While ALEC claims to be "nonpartisan" and supposedly focused on policy rather than social issues, one presentation in particular reinforced that its members view progressives as the enemy. It called for a new framing strategy to instill an emotional and moral argument in favor of right-wing views on issues like health care, immigration, taxes, and climate change.

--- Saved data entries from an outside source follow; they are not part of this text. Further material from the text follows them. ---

Lemma ord_cl_w3_pi3 : ord_cl w3 pi3 = [set [set: 'I_3]].
Proof.
pose r := contr_rel w3 pi3.
have rE a b : r a b = w3 a b || ((nat_of_ord a == 0) == (nat_of_ord b == 0)).
  rewrite /r /contr_rel /= !pblock_pi3; have A12_A0 := A0_neq_A12; rewrite eq_sym in A12_A0.
  by case: (_ == 0); case: (_ == 0); rewrite ?eqxx ?(negbTE A0_neq_A12) ?(negbTE A12_A0).
have to0 a : connect r a o0.
  case: a => [[|[|[|?]]] ?] //.
  - by apply: connect1; rewrite rE.
  - by apply: (connect_trans (y := o2)); apply: connect1; rewrite rE.
  - by apply: connect1; rewrite rE.
have from0 a : connect r o0 a.
  case: a => [[|[|[|?]]] ?] //.
  - by apply: connect1; rewrite rE.
  - by apply: connect1; rewrite rE.
  - by apply: (connect_trans (y := o1)); apply: connect1; rewrite rE.
have total a b : connect r a b := connect_trans (to0 a) (from0 b).
apply/setP => B; rewrite inE; apply/imsetP/eqP => [[k _ ->]|->].
- by apply/setP => y; rewrite !inE !total.
- by exists o0; rewrite ?inE //; apply/setP => y; rewrite !inE !total.
Qed.

Lemma pi3_neq_trivial : pi3 <> [set [set: 'I_3]].
Proof.
move=> pi3T; have : A0 \in [set [set: 'I_3]] by rewrite -pi3T in_set2 eqxx.
by rewrite inE => /eqP /setP /(_ o1); rewrite mem_A0 inE.
Qed.

End K3Example.

Theorem mainTheorem4 (V : finType) (E : rel V) (w : rel V)
  (pi pi' : {set {set V}}) :
  simple_graph E -> acyclic_orientation E w ->
  is_partition pi -> is_partition pi' ->
  (* (a) *)
  (ord_closed w pi -> tor_closed E w pi) /\
  (* (b) *)
  (refines pi pi' -> refines (tor_cl E w pi) (tor_cl E w pi')) /\
  (* (c) *)
  (refines pi pi' -> refines pi' (tor_cl E w pi) ->
     tor_cl E w pi' = tor_cl E w pi) /\
  (* (d) *)
  refines (tor_cl E w pi) (ord_cl w pi) /\
  (* the K_3 example: converse of (a) and equality in (d) fail *)
  (simple_graph K3 /\ acyclic_orientation K3 w3 /\ is_partition pi3 /\
   tor_cl K3 w3 pi3 = pi3 /\ ord_cl w3 pi3 = [set [set: 'I_3]] /\
   pi3 <> [set [set: 'I_3]]).
Proof.
move=> _ w_acyc piP pi'P; have w_w : toric_equiv w w := rst_refl _ _ _.
split; first exact: ord_closed_tor_closed w_acyc w_w piP.
split; first exact: tor_cl_refines.
split; first exact: tor_cl_eq_of_refines.
split; first exact: tor_cl_refines_ord_cl w_acyc w_w piP.
split; first exact: K3_simple.
split; first exact: w3_acyclic.
split; first exact: pi3_partition.
split; first exact: tor_closed_w3_pi3.
split; first exact: ord_cl_w3_pi3.
exact: pi3_neq_trivial.
Qed.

"Winning the Battle for America's Uncon­scious Mind: Using Political Psychology to Improve Your Messaging," led by Trump supporter, conservative author, and former psychologist Timothy Daughtry, detailed how conservatives can tailor their narrative to win back constituents swayed by the growing power of "cultural Marxism" and "social justice warriors." When asked why and how a conservative could defend "hate speech," Daughtry advised legislators to reframe the issue. Instead of responding, "I don't hate anyone, I just believe in free speech," they should say, "If someone finds your question hateful, does that mean you don't have the right to ask it?" – which "seized the offense," he explained to the packed conference room. Daughtry also offered legislators a way to reframe being labeled a "villain" in the immigration debate: "We can serve 10 refugees close to their home country for the price of one in the U.S.," he suggested. "Why would you uproot someone into a different culture? Because [the left] wants their votes."

The left wing, said Daughtry, is "trying to tell us that capitalism is the villain, and the victims are the poor people, and the heroes are the ones that want to redistribute wealth. We are more likely to argue the villain is a system that traps people in dependency, and the hero is people coming to offer true hope and opportunity."